Символ организации, к которой принадлежит авторский коллектив
 
Отождествление эмпирической социологии с «прикладной отраслью» социологического знания, неизбежно воспроизводящееся в нелестных и дисквалифицирующих оценках сотрудников кафедры теории и истории работ, основу которых составляет исследование, свойственно самой позиции лектора-теоретика, который не занимается исследовательской практикой, а работает исключительно с текстами. Следуя образцу «фундаментального образования» - избыточной учености[1], которую студент получает в дополнение к умению делать исследования на заказ, - теоретик должен снабдить студента «фундаментальными» знаниями, которые в реальности представляют собой не более чем сумму определений, базовых теорий и концептов, при этом его компетенции часто оказыватся недостаточно даже для того, чтобы корректно раскрыть смысл преподаваемых текстов. Знаниями, ни для трансляции, ни для восприятия, ни для воспроизведения которых исследовательский навык не требуется.

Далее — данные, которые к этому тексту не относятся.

Theorem mainTheorem8 (R : realType) (n m : nat)
  (f : 'rV[R]_n -> \bar R) (g : 'I_m -> 'rV[R]_n -> \bar R) (Gint : {set 'I_m})
  (hf : forall x, f x != -oo%E) (hg : forall l x, g l x != -oo%E)
  (A1 : forall alpha : R, exists M : R,
          forall x, (f x <= alpha%:E)%E -> enorm x <= M)
  (rho0 theta_rho Delta0 theta_Delta beta : R)
  (x : nat -> 'rV[R]_n) (Delta rho : nat -> R) (S D : nat -> seq 'rV[R]_n)
  (hrun : MADS_PIP_run g Gint f rho0 theta_rho Delta0 theta_Delta beta
            x Delta rho S D)
  (Kx : set nat) (xbar : 'rV[R]_n)
  (hKsub : forall k, Kx k -> rho k.+1 < rho k)
  (hKinf : infinite_idx Kx)
  (hKlim : lim_along Kx x xbar)
  (hflip : lipschitz_near f xbar)
  (hdense : dense_in_sphere Kx D)
  (hOmega : in_Omega g Gint xbar)
  (hSCQ : SCQ g Gint xbar) :
  forall d : 'rV[R]_n, hypertangent g Gint xbar d ->
    (0 <= clarkeE f xbar d)%E.
Proof.
move=> d d_hyp; have [->|d0] := eqVneq d 0; first exact: clarke_dir0_ge0.
apply: clarke_ge0 => e eps e0 eps0.
have [r r0 [b b0 poll_quotient]] := unsuccessful_poll_quotient hflip hSCQ d_hyp e0 eps0.
have [k [s [W [[xk_r s0r sd_r nW Wd_b] [rho_gt0 ci_lt0 merit_nlt]]]]] :=
  end_path_unsuccessful_poll hf hrun hKsub hKinf hKlim hdense d0 r0 b0.
have [xk_e se quotient] := poll_quotient _ _ _ _ xk_r s0r sd_r nW Wd_b rho_gt0 ci_lt0 merit_nlt.
by exists (x k), s; split=> //; move: s0r => /andP[].
Qed.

Самым «благородным» из всех «теоретических» предметов оказывается курс истории социологии, в рамках которого наибольшее внимание уделяется работе с текстами – в отличие от других «теоретических» курсов (общая социология, социология культуры, социальная антропология), ограничивающихся введением набора порой совершенно абсурдных определений, которые студент обязан затем воспроизвести на экзамене. На курсе истории социологии особое внимание уделяется биографии канонизированных социологов, внутренней эволюции текстов, классификации авторов в соответствии с принятыми делениями (объективизм / субъективизм, структурный функционализм / психологизм, и т.д.). От студента на экзамене требуется лишь умение правильно разместить автора в предлагаемой таблице делений и воспроизвести основные положения его теории (при этом нужно отметить, что список изучаемых авторов обрывается на 60-х годах 20-го века, а современные социологи оказываются автоматически исключены из программы курса). Для такого способа работы с текстами, остающегося в рамках схоластического прочтения, вопросы практической применимости остаются избыточными. Это видно по темам курсовых и дипломных работ как на кафедре теории и истории, где даже самые «научные» из них посвящены отдельным канонизированным авторам-социологам, либо рассмотрению социологического понятия в текстах нескольких авторов, так и на других кафедрах, где «теоретическая» часть в большинстве случаев представляет собой не более, чем реферативное изложение концепций релевантных избранной теме авторов (поэтому неудивительно, что Вебер, Дюркгейм и Парсонс – наиболее изучаемые в рамках теоретических курсов – также наиболее часто упоминаются в отчетных работах, окаызываясь родоначальниками практически всех тем, начиная от проблем гражданского брака и кризиса семьи и заканчивая глобализацией и преступностью).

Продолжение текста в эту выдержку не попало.